With the forecast calling for another wintery blast, I was surprised to see a crowd of overcoats and hoods oohing and ahhing over the gas-grill display, pressing the orange ignite buttons and turning knobs. They’re like a bunch of little girls in their white plastic pretend-kitchens, I thought, playing in a world yet to come.
“Christmas trees?” I asked an orange-vested woman whose blond curls hid her name tag.
‘”Fake or real?”
“Artificial,” I said.
“Garden Center.

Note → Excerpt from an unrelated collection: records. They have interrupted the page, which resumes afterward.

(* Assume $p=m$, $D=0$, and $\mathrm{rank}\begin{bmatrix} I-A & B\\ C & 0\end{bmatrix}=n+m$. Let $(X,U)$ be a minimizer of Problem 3. Then the equation $\begin{bmatrix} K & H \\ G & F \end{bmatrix}\begin{bmatrix} X \\ Z \end{bmatrix} = \begin{bmatrix} U \\ V \end{bmatrix}$ has a unique solution $(K,H,G,F)$. Suppose moreover that (i) $\det(I-(A+BK))\neq 0$ and (ii) $\det(I-F)\neq 0$. Then $C(I-(A+BK))^{-1}B$ is invertible and, with $$M=\big(C(I-(A+BK))^{-1}B\big)^{-1},\qquad L=-G(I-(A+BK))^{-1}BM,$$ for every initial state $x_0\in\mathbb{R}^n$ and every constant reference value $r_+\in\mathbb{R}^m$, the closed-loop system $\psi_r(t+1)=\mathcal{A}_{cl}\psi_r(t)+\mathcal{M}_r r_+$, $y(t)=\mathcal{C}\psi_r(t)$ has a unique steady state $\psi_\infty=(x_\infty,z_\infty)$ (i.e. a unique solution of $\psi_\infty=\mathcal{A}_{cl}\psi_\infty+\mathcal{M}_r r_+$), and it satisfies $y_\infty=Cx_\infty=r_+$ and $z_\infty=0$.
   Context: Plant: $x(t+1)=Ax(t)+Bu(t)$, $x(0)=x_0$, $y(t)=Cx(t)$, with $x\in\mathbb{R}^n$, $u,y\in\mathbb{R}^m$, $(A,B)$ reachable, horizon $N\ge 2$. $P\in\mathbb{R}^{N\times N}$ is the nilpotent shift matrix $P=\begin{bmatrix}0 & 0\\ I_{N-1} & 0\end{bmatrix}$; $\otimes$ is the Kronecker product; $\mathrm{e}_1\in\mathbb{R}^N$; $\|W\|_1=\sum_{i,j}|w_{ij}|$. Problem 3 (minimum attention control): minimize $\|U(P\otimes I_n)-U\|_1$ over $X\in\mathbb{R}^{n\times nN}$, $U\in\mathbb{R}^{m\times nN}$ subject to $AX+BU=X(P\otimes I_n)$ and $X(\mathrm{e}_1\otimes I_n)=I_n$. $Z=\begin{bmatrix}0_{n(N-1)\times n} & I_{n(N-1)}\end{bmatrix}$, $V=Z(P\otimes I_n)$. Tracking compensator: $z_r(t+1)=Fz_r(t)+Gx(t)+Lr(t)$, $u(t)=Hz_r(t)+Kx(t)+Mr(t)$, $z_r(0)=0$. Closed-loop augmented system with $\psi_r=(x,z_r)$: $\mathcal{A}_{cl}=\begin{bmatrix}A+BK & BH\\ G & F\end{bmatrix}$, $\mathcal{M}_r=\begin{bmatrix}BM\\ L\end{bmatrix}$, $\mathcal{C}=[C~~0]$. *)

From HB Require Import structures.
From mathcomp Require Import all_boot all_order all_algebra.
From mathcomp Require Import mxtens.
Set Implicit Arguments. Unset Strict Implicit. Unset Printing Implicit Defensive.
Import Order.TTheory GRing.Theory Num.Theory.
Local Open Scope ring_scope.

(* Kronecker product: tensmx from mathcomp-real-closed (mxtens.v), with the
   standard index ordering (i1, i2) |-> i1 * m2 + i2. *)

Definition shiftP (R : pzRingType) (N : nat) : 'M[R]_N :=
  \matrix_(i < N, j < N) ((val i == (val j).+1)%N)%:R.

Definition e1 (R : pzRingType) (N : nat) : 'cV[R]_N :=
  \col_(i < N) ((val i == 0)%N)%:R.

Definition PkronI (R : pzRingType) (n N : nat) : 'M[R]_(N * n) :=
  tensmx (shiftP R N) (1%:M : 'M[R]_n).

Definition e1kronI (R : pzRingType) (n N : nat) : 'M[R]_(N * n, n) :=
  castmx (erefl (N * n)%N, mul1n n) (tensmx (e1 R N) (1%:M : 'M[R]_n)).

Definition Zmat (R : pzRingType) (n N : nat) : 'M[R]_(n * (N - 1), N * n) :=
  \matrix_(i, j) ((val j == n + val i)%N)%:R.

Definition l1norm (R : numDomainType) (p q : nat) (W : 'M[R]_(p, q)) : R :=
  \sum_(i < p) \sum_(j < q) `|W i j|.

Definition reachable (R : fieldType) (n m : nat) (A : 'M[R]_n) (B : 'M[R]_(n, m)) : bool :=
  row_full (\sum_(k < n) <<(A ^+ k *m B)^T>>)%MS.

Definition feasible3 (R : realFieldType) (n m N : nat)
  (A : 'M[R]_n) (B : 'M[R]_(n, m)) (X : 'M[R]_(n, N * n)) (U : 'M[R]_(m, N * n)) : Prop :=
  A *m X + B *m U = X *m PkronI R n N /\ X *m e1kronI R n N = 1%:M.

Definition minimizer3 (R : realFieldType) (n m N : nat)
  (A : 'M[R]_n) (B : 'M[R]_(n, m)) (X : 'M[R]_(n, N * n)) (U : 'M[R]_(m, N * n)) : Prop :=
  feasible3 A B X U /\
  forall X' U', feasible3 A B X' U' ->
    l1norm (U *m PkronI R n N - U) <= l1norm (U' *m PkronI R n N - U').

Definition Vmat (R : pzRingType) (n N : nat) : 'M[R]_(n * (N - 1), N * n) :=
  Zmat R n N *m PkronI R n N.

Definition gain_eq (R : realFieldType) (n m N : nat)
  (X : 'M[R]_(n, N * n)) (U : 'M[R]_(m, N * n))
  (K : 'M[R]_(m, n)) (H : 'M[R]_(m, n * (N - 1)))
  (G : 'M[R]_(n * (N - 1), n)) (F : 'M[R]_(n * (N - 1))) : Prop :=
  block_mx K H G F *m col_mx X (Zmat R n N) = col_mx U (Vmat R n N).

From HB Require Import structures.
From mathcomp Require Import all_boot all_order all_algebra.
From mathcomp Require Import mxtens.
From mathcomp Require Import zify.
Set Implicit Arguments. Unset Strict Implicit. Unset Printing Implicit Defensive.
Import Order.TTheory GRing.Theory Num.Theory.
Local Open Scope ring_scope.

(* Write T = [X; Z] and Acl = [A+BK BH; G F].  The proof rests on three facts.
   1. Feasibility gives X (e1 (x) I) = I, and Z (e1 (x) I) = 0, Z Z^T = I;
      hence T has an explicit right inverse, so the square matrix T is
      invertible and the gain equation [K H; G F] T = [U; V] has exactly one
      solution.
   2. The gain equation together with A X + B U = X (P (x) I) gives the
      intertwining Acl T = T (P (x) I).  As P is nilpotent, so is Acl, and a
      fixed-point equation psi = Acl psi + b has at most one solution.
   3. The rank condition on [I-A B; C 0] makes the DC gain C (I-(A+BK))^-1 B
      invertible, and with M its inverse, psi = ((I-(A+BK))^-1 B M r, 0) is a
      fixed point whose output is exactly r. *)

Lemma sum_indicator (R : pzRingType) (p a : nat) (f : 'I_p -> R) (ap : (a < p)%N) :
  \sum_(j < p) ((val j == a)%N)%:R * f j = f (Ordinal ap).
Proof.
rewrite (bigD1 (Ordinal ap)) //= eqxx mul1r big1 ?addr0 // => j neq_j.
suff -> : (val j == a) = false by rewrite mul0r.
by apply/negbTE; apply: contra neq_j => /eqP eq_j; apply/eqP/val_inj.
Qed.

Lemma sum_indicator_out (R : pzRingType) (p a : nat) (f : 'I_p -> R) :
  (p <= a)%N -> \sum_(j < p) ((val j == a)%N)%:R * f j = 0.
Proof.
move=> pa; rewrite big1 // => j _.
suff -> : (val j == a) = false by rewrite mul0r.
by apply/negbTE/eqP => eq_j; move: (ltn_ord j); rewrite eq_j; lia.
Qed.

(* Z discards the first block row, which is the only one seen by e1 (x) I. *)
Lemma Zmat_e1kronI (R : pzRingType) n N : Zmat R n N *m e1kronI R n N = 0.
Proof.
apply/matrixP => i k; rewrite !mxE; under eq_bigr do rewrite !mxE.
case: (ltnP (n + i) (N * n)) => lt_ni; last by rewrite sum_indicator_out.
rewrite (sum_indicator _ lt_ni) castmxE !mxE /=.
have n_gt0 : (0 < n)%N.
  by case: n i k {lt_ni} => [|//] [i]; rewrite /= mul0n.
have : (0 < (n + i) %/ n)%N by rewrite divn_gt0 // leq_addr.
by rewrite lt0n => /negbTE ->; rewrite mul0r.
Qed.

Lemma Zmat_rinv (R : pzRingType) n N : Zmat R n N *m (Zmat R n N)^T = 1%:M.
Proof.
apply/matrixP => i k; rewrite !mxE; under eq_bigr do rewrite !mxE.
case: (ltnP (n + i) (N * n)) => lt_ni; first by rewrite (sum_indicator _ lt_ni) /= eqn_add2l.
exfalso; move: lt_ni; have := ltn_ord i; move: (val i) => a.
case: N {i k} => [|N]; first by rewrite /= mul0n; lia.
by rewrite subSS subn0; nia.
Qed.

Lemma shiftP_pow_support (R : pzRingType) N k (i j : 'I_N) :
  ((shiftP R N) ^+ k.+1) i j != 0 -> (j + k.+1 <= i)%N.
Proof.
elim: k i j => [|k IH] i j.
  rewrite expr1 mxE; case: (eqVneq (val i) (val j).+1) => [->|]; first by rewrite addn1.
  by rewrite eqxx.
apply: contraR => far_ij; rewrite exprS -mulmxE mxE big1 // => l _.
rewrite mxE; case: (eqVneq (val i) (val l).+1) => [il|]; last by rewrite mul0r.
case: (eqVneq ((shiftP R N ^+ k.+1) l j) 0) => [->|/IH lj]; first by rewrite mulr0.
by case/negP: far_ij; rewrite il; move: lj; rewrite !addnS.
Qed.

Lemma shiftP_nilpotent (R : pzRingType) N : (shiftP R N) ^+ N = 0.
Proof.
case: N => [|N]; first by apply/matrixP => [[]].
apply/matrixP => i j; rewrite mxE; apply/eqP; apply: contraT => /shiftP_pow_support.
by have := ltn_ord i; lia.
Qed.

(* Hence so is P (x) I_n, since (P (x) I)^k = P^k (x) I. *)
Lemma PkronI_nilpotent (R : comPzRingType) n N : (PkronI R n N) ^+ N = 0.
Proof.
have pow_kron k : (PkronI R n N) ^+ k.+1 = shiftP R N ^+ k.+1 *t (1%:M : 'M[R]_n).
  elim: k => [|k IH]; first by rewrite !expr1.
  rewrite exprS IH.
  change (PkronI R n N *m (shiftP R N ^+ k.+1 *t 1%:M) = shiftP R N ^+ k.+2 *t 1%:M).
  by rewrite /PkronI tensmx_mul mul1mx mulmxE -exprS.
case: N pow_kron => [_|N pow_kron]; first by apply/matrixP => [[]].
by rewrite pow_kron shiftP_nilpotent tens0mx.
Qed.

(* For feasible X, T = [X; Z] is invertible: it has the explicit right
   inverse [e1 (x) I,  Z^T - (e1 (x) I) X Z^T], and is square when N >= 1. *)
Lemma stacked_invertible (R : fieldType) n N (X : 'M[R]_(n, N * n)) :
  (1 <= N)%N -> X *m e1kronI R n N = 1%:M ->
  row_free (col_mx X (Zmat R n N)) /\ row_full (col_mx X (Zmat R n N)).
Proof.
move=> N_gt0 XE1.
set E1 := e1kronI R n N; set Zt := (Zmat R n N)^T.
have rinv : col_mx X (Zmat R n N) *m row_mx E1 (Zt - E1 *m (X *m Zt)) = 1%:M.
  rewrite mul_col_row XE1 Zmat_e1kronI !mulmxBr Zmat_rinv !mulmxA XE1 mul1mx subrr.
  by rewrite -mulmxA Zmat_e1kronI mul0mx subr0 -scalar_mx_block.
have free : row_free (col_mx X (Zmat R n N)) by apply/row_freeP; eexists; exact: rinv.
split=> //; move: free; rewrite /row_free /row_full => /eqP ->; apply/eqP; nia.
Qed.

Lemma block_solution_unique (R : fieldType) p1 p2 q1 q2 r
    (T : 'M[R]_(q1 + q2, r)) (Y : 'M[R]_(p1 + p2, r)) :
  row_free T -> row_full T ->
  exists K H G F, block_mx K H G F *m T = Y /\
    forall K' H' G' F', block_mx K' H' G' F' *m T = Y ->
      [/\ K' = K, H' = H, G' = G & F' = F].
Proof.
move=> free /row_fullP [T' T'T].
pose S := Y *m T'.
exists (ulsubmx S), (ursubmx S), (dlsubmx S), (drsubmx S).
split=> [|K' H' G' F' sol']; first by rewrite submxK -mulmxA T'T mulmx1.
have eqS : block_mx K' H' G' F' = S.
  by apply: (row_free_inj free); rewrite /= sol' -mulmxA T'T mulmx1.
by rewrite -eqS block_mxKul block_mxKur block_mxKdl block_mxKdr.
Qed.

(* The rank condition makes the DC gain C (I - (A+BK))^-1 B invertible:
   a left null vector w of it yields the left null vector
   [w C (I-(A+BK))^-1, -w] of the row-free matrix [I-A B; C 0]. *)
Lemma dc_gain_unit (R : fieldType) n m (A : 'M[R]_n) (B : 'M[R]_(n, m))
    (C : 'M[R]_(m, n)) (K : 'M[R]_(m, n)) :
  row_free (block_mx (1%:M - A) B C (0 : 'M[R]_m)) ->
  (1%:M - (A + B *m K)) \in unitmx ->
  C *m invmx (1%:M - (A + B *m K)) *m B \in unitmx.
Proof.
move=> free unit_loop; rewrite -row_free_unit; apply: inj_row_free => w wS.
set y := w *m C *m invmx (1%:M - (A + B *m K)).
have yB : y *m B = 0 by rewrite /y -wS !mulmxA.
have yA : y *m (1%:M - A) = w *m C.
  by rewrite -[RHS](mulmxKV unit_loop) -/y !mulmxBr mulmxDr mulmxA yB mul0mx addr0.
have : row_mx y (- w) *m block_mx (1%:M - A) B C (0 : 'M[R]_m) = 0.
  by rewrite mul_row_block yA yB mulNmx subrr mulmx0 addr0 row_mx0.
move/eqP; rewrite (mulmx_free_eq0 _ free) -row_mx0 => /eqP /eq_row_mx [_].
by move/eqP; rewrite oppr_eq0 => /eqP.
Qed.

(* A matrix intertwined through a right-invertible T with a nilpotent one is
   nilpotent: Acl T = T P and T W = I give Acl^k = T P^k W. *)
Lemma intertwined_nilpotent (R : pzRingType) p q k (Acl : 'M[R]_p)
    (T : 'M[R]_(p, q)) (W : 'M[R]_(q, p)) (P : 'M[R]_q) :
  T *m W = 1%:M -> Acl *m T = T *m P -> P ^+ k = 0 -> Acl ^+ k = 0.
Proof.
move=> TW AT Pk.
have pow_AT j : Acl ^+ j *m T = T *m P ^+ j.
  elim: j => [|j IH]; first by rewrite !expr0 mul1mx mulmx1.
  by rewrite !exprS -!mulmxE -mulmxA IH mulmxA AT -mulmxA.
by rewrite -[Acl ^+ k]mulmx1 -TW mulmxA pow_AT Pk mulmx0 mul0mx.
Qed.

(* For nilpotent Acl the fixed-point equation psi = Acl psi + b has at most
   one solution: the difference of two solutions is fixed by every Acl^k. *)
Lemma nilpotent_fixpoint_unique (R : pzRingType) p q k (Acl : 'M[R]_p)
    (b psi psi' : 'M[R]_(p, q)) :
  Acl ^+ k = 0 -> psi = Acl *m psi + b -> psi' = Acl *m psi' + b -> psi' = psi.
Proof.
move=> nil fix_psi fix_psi'.
have fixed_diff : psi' - psi = Acl *m (psi' - psi).
  by rewrite mulmxBr {1}fix_psi' {1}fix_psi opprD addrACA subrr addr0.
have pow_fixed j : psi' - psi = Acl ^+ j *m (psi' - psi).
  elim: j => [|j IH]; first by rewrite expr0 mul1mx.
  by rewrite exprSr -mulmxE -mulmxA -fixed_diff.
by apply/eqP; rewrite -subr_eq0 (pow_fixed k) nil mul0mx.
Qed.

Lemma closed_loop_intertwines (R : realFieldType) n m N (A : 'M[R]_n)
    (B : 'M[R]_(n, m)) (X : 'M[R]_(n, N * n)) (U : 'M[R]_(m, N * n))
    K H G F :
  A *m X + B *m U = X *m PkronI R n N -> gain_eq X U K H G F ->
  block_mx (A + B *m K) (B *m H) G F *m col_mx X (Zmat R n N)
    = col_mx X (Zmat R n N) *m PkronI R n N.
Proof.
rewrite /gain_eq mul_block_col => dynX /eq_col_mx [KH GF].
rewrite mul_block_col mul_col_mx GF; congr col_mx.
by rewrite mulmxDl -!mulmxA -addrA -mulmxDr KH dynX.
Qed.

Section SteadyState.

Variables (R : fieldType) (n m p : nat) (A : 'M[R]_n) (B : 'M[R]_(n, m)).
Variables (C : 'M[R]_(m, n)) (K : 'M[R]_(m, n)) (H : 'M[R]_(m, p)).
Variables (G : 'M[R]_(p, n)) (F : 'M[R]_p).

Let Q := invmx (1%:M - (A + B *m K)).
Hypothesis unit_loop : (1%:M - (A + B *m K)) \in unitmx.
Hypothesis unit_gain : C *m Q *m B \in unitmx.
Let M := invmx (C *m Q *m B).

(* x = Q B M r solves x = (A+BK) x + B M r, and the choice of L makes z = 0
   consistent with the compensator update. *)
Lemma steady_state_fixpoint (r : 'cV[R]_m) :
  col_mx (Q *m B *m M *m r) 0
  = block_mx (A + B *m K) (B *m H) G F *m col_mx (Q *m B *m M *m r) 0
    + col_mx (B *m M) (- (G *m Q *m B *m M)) *m r.
Proof.
have loop_eq : (1%:M - (A + B *m K)) *m (Q *m B *m M *m r) = B *m M *m r.
  by rewrite !mulmxA mulmxV // mul1mx.
rewrite mul_block_col mul_col_mx add_col_mx !mulmx0 !addr0 mulNmx !mulmxA subrr.
by congr col_mx; rewrite -loop_eq mulmxBl mul1mx !mulmxA addrC subrK.
Qed.

Lemma steady_state_output (r : 'cV[R]_m) : C *m (Q *m B *m M *m r) = r.
Proof. by rewrite !mulmxA mulmxV // mul1mx. Qed.

End SteadyState.

Theorem lemma1 (R : realFieldType) (n m N : nat)
  (A : 'M[R]_n) (B : 'M[R]_(n, m)) (C : 'M[R]_(m, n))
  (X : 'M[R]_(n, N * n)) (U : 'M[R]_(m, N * n)) :
  (2 <= N)%N ->
  reachable A B ->
  \rank (block_mx (1%:M - A) B C (0 : 'M[R]_m)) = (n + m)%N ->
  minimizer3 A B X U ->
  (exists K H G F,
     gain_eq X U K H G F /\
     forall K' H' G' F', gain_eq X U K' H' G' F' ->
       [/\ K' = K, H' = H, G' = G & F' = F])
  /\
  (forall K H G F, gain_eq X U K H G F ->
     \det (1%:M - (A + B *m K)) != 0 ->
     \det (1%:M - F) != 0 ->
     let S := C *m invmx (1%:M - (A + B *m K)) *m B in
     S \in unitmx /\
     let M := invmx S in
     let L := - (G *m invmx (1%:M - (A + B *m K)) *m B *m M) in
     let Acl := block_mx (A + B *m K) (B *m H) G F in
     let Mr := col_mx (B *m M) L in
     let Ccl := row_mx C (0 : 'M[R]_(m, n * (N - 1))) in
     forall (x0 : 'cV[R]_n) (rp : 'cV[R]_m),
       exists psi : 'cV[R]_(n + n * (N - 1)),
         psi = Acl *m psi + Mr *m rp /\
         (forall psi', psi' = Acl *m psi' + Mr *m rp -> psi' = psi) /\
         Ccl *m psi = rp /\ C *m usubmx psi = rp /\ dsubmx psi = 0).
Proof.
move=> N_ge2 _ rank_cond [[dynX XE1] _].
have N_gt0 : (1 <= N)%N by apply: leq_trans N_ge2.
have [T_free T_full] := stacked_invertible N_gt0 XE1.
split=> [|K H G F gain unit_loop _ S]; first exact: block_solution_unique.
rewrite -unitfE -unitmxE in unit_loop.
have unit_S : S \in unitmx.
  by apply: dc_gain_unit => //; rewrite /row_free rank_cond.
split=> // M L Acl Mr Ccl _ rp.
have /row_freeP [W TW] := T_free.
have nil_Acl : Acl ^+ N = 0.
  apply: intertwined_nilpotent TW (closed_loop_intertwines dynX gain) _.
  exact: PkronI_nilpotent.
set x := invmx (1%:M - (A + B *m K)) *m B *m M *m rp.
have fixpoint : col_mx x 0 = Acl *m col_mx x 0 + Mr *m rp.
  exact: steady_state_fixpoint.
have output : C *m x = rp by apply: steady_state_output.
exists (col_mx x 0); split=> //; split.
  by move=> psi'; apply: nilpotent_fixpoint_unique nil_Acl fixpoint.
by rewrite col_mxKu col_mxKd /Ccl mul_row_col mul0mx addr0 output.
Qed.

Go all the way back to fencing, turn right.”
Seems even “non-real” Christmas trees would garner more respect this time of year, I thought, making my way past the garbage cans, extra-large leaf bags, potting soil, bug repellants and Japanese lanterns.
“Hello…Hal,” I said, nodding at a name tag and pulling a crumpled ad from my pocket. “I’m interested in this five-foot Douglas Fir. Is this the one?” I asked, pointing to the jolly almost-looks-like-the-real-thing-with-fade-in-and-fade-out-white-lights tree.
It wasn’t. It was a 6-foot fake Scotch Pine and $70 more. Three hours later, at the epicenter of an explosion of trinkets, and Calpurnia in full attack mode against the army of yellowing paper that seems to threaten her very cathood, I am ready to decorate what is really a three-foot-green-plastic tree set into a two-foot “Grecian” Styrofoam stand. Every year, my former husband and I delighted in peeling away the newsprint protecting our treasures – Teddy bears popping out of gift boxes, reindeers frozen forever in flight – finding a headline, a dateline on a story: material evidence of a long and successful marriage.
But only in the dictionary does “long marriage” come before “successful.” Christmastime eventually became the War of the Orbs. He began weighing the branches with tiny replicas of handlebars and helmets from Harley-Davidson. I dotted the tree with ornaments set in doilies, lace. He especially abhorred the pink Victorian shoe that sprouted tulle. All of them, he gladly handed over to me in the distribution of assets.
And now I find every one of them too big or heavy to hang on the only size tree I can fit into my new living room without having to crawl over the sofa to get to the kitchen. Except, perhaps, for this one: a small crystal with red and green splashes and itty-bitty snowflakes suspended in its core. I bought it the year we began counseling. It’s not a color I can feel, can scratch off with my fingernail. The color is buried: a jewel in its transparent vault, unreachable unless—and I consider this for a moment – I smash it against something, drop it on the floor, kick it to the wall.
My three-foot Fir is waiting to be dressed. To all a good night.